(Stored data)
_ _ _ _ _ _ _
Lemma cos_eq1_itv t : 0 <= t < 2 * pi -> cos t = 1 -> t = 0.
Proof.
move=> /andP[t_ge0 t_lt2pi] cos_t.
have pi_gt0 := @pi_gt0 R.
have cos_inj_1 u : 0 <= u <= pi -> cos u = 1 -> u = 0.
  move=> /andP[u_ge0 u_lepi] cos_u; apply: cos_inj; rewrite ?cos0 //.
  - by rewrite in_itv /= u_ge0 u_lepi.
  - by rewrite in_itv /= lexx; lra.
have [t_lepi|t_gtpi] := lerP t pi; first by apply: cos_inj_1; rewrite ?t_ge0.
suff : 2 * pi - t = 0 by lra.
apply: cos_inj_1; first by apply/andP; split; lra.
by rewrite cosB mulr_natl cos2pi sin2pi cos_t; ring.
Qed.

Lemma expi_eq_mod2pi a t : expi t = expi a -> exists k : int, t = a + (2 * pi) *~ k.
Proof.
case=> cos_ta sin_ta.
have cos_diff : cos (t - a) = 1 by rewrite cosB cos_ta sin_ta -!expr2 cos2Dsin2.
have twopi_gt0 : 0 < 2 * pi :> R by rewrite mulr_gt0 ?pi_gt0.
pose k := Num.floor ((t - a) / (2 * pi)).
exists k.
have /andP[k_le k_gt] := floor_itv ((t - a) / (2 * pi)).
rewrite ler_pdivlMr // in k_le.
rewrite ltr_pdivrMr // intrD mulrDl mul1r in k_gt.
have cos_cos2pi : periodic (@cos R) (2 * pi) by move=> u; rewrite mulr_natl cosD2pi.
suff : t - a - (2 * pi) *~ k = 0 by move/eqP; rewrite subr_eq0 => /eqP <-; ring.
apply: cos_eq1_itv; first by rewrite -mulrzr -/k; apply/andP; split; lra.
by rewrite -mulrzr -(periodicz cos_cos2pi k) mulrzr subrK.
Qed.

Lemma nondeg_sym a b : nondeg a b -> nondeg b a.
Proof.
move=> nab k; apply/eqP => e; move/eqP: (nab (- k)); apply.
by rewrite intrN mulNr -e opprB.
Qed.

Lemma nondegDpi a b : nondeg a b -> nondeg (a + pi) b.
Proof.
move=> nab k; apply/eqP => e; move/eqP: (nab (k - 1)); apply.
by rewrite intrB mulrBl mul1r -e; ring.
Qed.

End Angles.

Lemma i_neq0 (R : rcfType) : 'i%C != 0 :> R[i].
Proof. by apply/eqP; case => /eqP; rewrite oner_eq0. Qed.

Section QuadCube.
Variables (R : realType) (f g : R -> R -> R[i]) (h : R -> R[i]) (c : R[i]).

Lemma quad_xB'E (th th' : R) : f th th' != 0 -> forall xB xB' xW xW' : R[i],
  quad f g h th th' xB xB' xW xW' <->
  xB' = (g th th' * xB + 'i%C * (h th' * xW' - h th * xW)) / f th th'.
Proof.
by move=> fth_neq0 xB xB' xW xW'; rewrite /quad; split=> [<-|->]; field.
Qed.

Lemma quad_xW'E (th' : R) : h th' != 0 -> forall (th : R) (xB xB' xW xW' : R[i]),
  quad f g h th th' xB xB' xW xW' <->
  xW' = ((f th th' * xB' - g th th' * xB) / 'i%C + h th * xW) / h th'.
Proof.
move=> hth_neq0 th xB xB' xW xW'; rewrite /quad.
by split=> [->|->]; field; rewrite i_neq0 hth_neq0.
Qed.

Lemma quad_solvable_xB' (th th' : R) : f th th' != 0 ->
  forall xB xW xW' : R[i], exists xB', quad f g h th th' xB xB' xW xW'.
Proof. by move=> fth_neq0 xB xW xW'; eexists; apply/(quad_xB'E fth_neq0). Qed.

Lemma quad_solvable_xW' (th' : R) : h th' != 0 ->
  forall (th : R) (xB xB' xW : R[i]), exists xW', quad f g h th th' xB xB' xW xW'.
Proof. by move=> hth_neq0 th xB xB' xW; eexists; apply/(quad_xW'E hth_neq0). Qed.

Hypothesis f_periodic : forall a b, f (a + 2 * pi) b = f a b /\ f a (b + 2 * pi) = f a b.
Hypothesis g_periodic : forall a b, g (a + 2 * pi) b = g a b /\ g a (b + 2 * pi) = g a b.
Hypothesis h_periodic : forall a, h (a + 2 * pi) = h a.

Lemma face_eqE (B W W' : R[i]) (th th' : R) :
  expi th = W - B -> expi th' = W' - B -> forall B' xB xB' xW xW' : R[i],
  face_eq f g h B B' W W' xB xB' xW xW' <-> quad f g h th th' xB xB' xW xW'.
Proof.
move=> eW eW' B' xB xB' xW xW'; split=> [|Q t t' et et']; first exact.
have [k ->] := expi_eq_mod2pi (etrans et (esym eW)).
have [l ->] := expi_eq_mod2pi (etrans et' (esym eW')).
by rewrite /quad !periodicz2 // !(periodicz h_periodic).
Qed.

Lemma consistent3D_quadE (a b d : R) :
  consistent3D f g h a b d <->
  forall x0 x1 x2 x3 x12 x13 x23 : R[i],
    quad f g h a b x0 x12 x1 x2 ->
    quad f g h a d x0 x13 x1 x3 ->
    quad f g h b d x0 x23 x2 x3 ->
  forall y z w : R[i],
    quad f g h (b + pi) d x12 x13 x1 y ->
    quad f g h (a + pi) d x12 x23 x2 z ->
    quad f g h (a + pi) b x13 x23 x3 w ->
  y = z /\ z = w.
Proof.
(* On the faces through P_123 the edges P_12 -> P_1, P_12 -> P_2, P_13 -> P_3
   are - e^{ib}, - e^{ia}, - e^{ia}, i.e. carry the labels b + pi, a + pi, a + pi. *)
have e0_P (t : R) : expi t = expi t - 0 by rewrite subr0.
have e12_1 : expi (b + pi) = expi a - (expi a + expi b) by rewrite expiDpi; ring.
have e12_2 : expi (a + pi) = expi b - (expi a + expi b) by rewrite expiDpi; ring.
have e13_3 : expi (a + pi) = expi d - (expi a + expi d) by rewrite expiDpi; ring.
have e12_123 : expi d = expi a + expi b + expi d - (expi a + expi b) by ring.
have e13_123 : expi b = expi a + expi b + expi d - (expi a + expi d) by ring.
have E1 := face_eqE (e0_P a) (e0_P b) (expi a + expi b).
have E2 := face_eqE (e0_P a) (e0_P d) (expi a + expi d).
have E3 := face_eqE (e0_P b) (e0_P d) (expi b + expi d).
have E4 := face_eqE e12_1 e12_123 (expi a + expi d).
have E5 := face_eqE e12_2 e12_123 (expi b + expi d).
have E6 := face_eqE e13_3 e13_123 (expi b + expi d).
rewrite /consistent3D /=.
split=> cube x0 x1 x2 x3 x12 x13 x23 F1 F2 F3 y z w F4 F5 F6.
- exact: cube _ _ _ _ _ _ _ ((E1 _ _ _ _).2 F1) ((E2 _ _ _ _).2 F2) ((E3 _ _ _ _).2 F3)
    _ _ _ ((E4 _ _ _ _).2 F4) ((E5 _ _ _ _).2 F5) ((E6 _ _ _ _).2 F6).
- exact: cube _ _ _ _ _ _ _ ((E1 _ _ _ _).1 F1) ((E2 _ _ _ _).1 F2) ((E3 _ _ _ _).1 F3)
    _ _ _ ((E4 _ _ _ _).1 F4) ((E5 _ _ _ _).1 F5) ((E6 _ _ _ _).1 F6).
Qed.

Hypothesis c_neq0 : c != 0.
Hypothesis f_anti : forall a b, nondeg a b -> f a b = - f b a.
Hypothesis h_shift : forall a, h a * h (a + pi) = c.
Hypothesis f_shift : forall a b, nondeg a b -> f a b * f (a + pi) b = - c.
Hypothesis g_def : forall a b, nondeg a b -> g a b = c^-1 * f a b * h a * h b.

Lemma h_neq0 (a : R) : h a != 0.
Proof. by apply: contra_neq c_neq0 => ha0; rewrite -(h_shift a) ha0 mul0r. Qed.

Lemma f_neq0 (a b : R) : nondeg a b -> f a b != 0.
Proof.
move=> nab; apply/eqP => fab0; move/negP: c_neq0; apply.
by rewrite -oppr_eq0 -(f_shift nab) fab0 mul0r.
Qed.

Lemma hDpi (a : R) : h (a + pi) = c / h a.
Proof. by rewrite -(h_shift a) mulrAC divff ?mul1r ?h_neq0. Qed.

Lemma fDpi (a b : R) : nondeg a b -> f (a + pi) b = - c / f a b.
Proof. by move=> nab; rewrite -(f_shift nab) mulrAC divff ?mul1r ?f_neq0. Qed.

Definition consistency_defect (a b d : R) :=
  f a b * h a * h b + f b d * h b * h d + f d a * h d * h a - f a b * f b d * f d a.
_ _ _ _ _ _ _
#### INSTRUCTIONS FOR THE TASK:
Above are the lines; repeat exactly the ones from the line containing "((E6 _ _ _ _).1 F6)." down to the line containing "Hypothesis h_shift : forall", both inclusive.

#### RESULT FOR THIS TASK:
    _ _ _ ((E4 _ _ _ _).1 F4) ((E5 _ _ _ _).1 F5) ((E6 _ _ _ _).1 F6).
Qed.

Hypothesis c_neq0 : c != 0.
Hypothesis f_anti : forall a b, nondeg a b -> f a b = - f b a.
Hypothesis h_shift : forall a, h a * h (a + pi) = c.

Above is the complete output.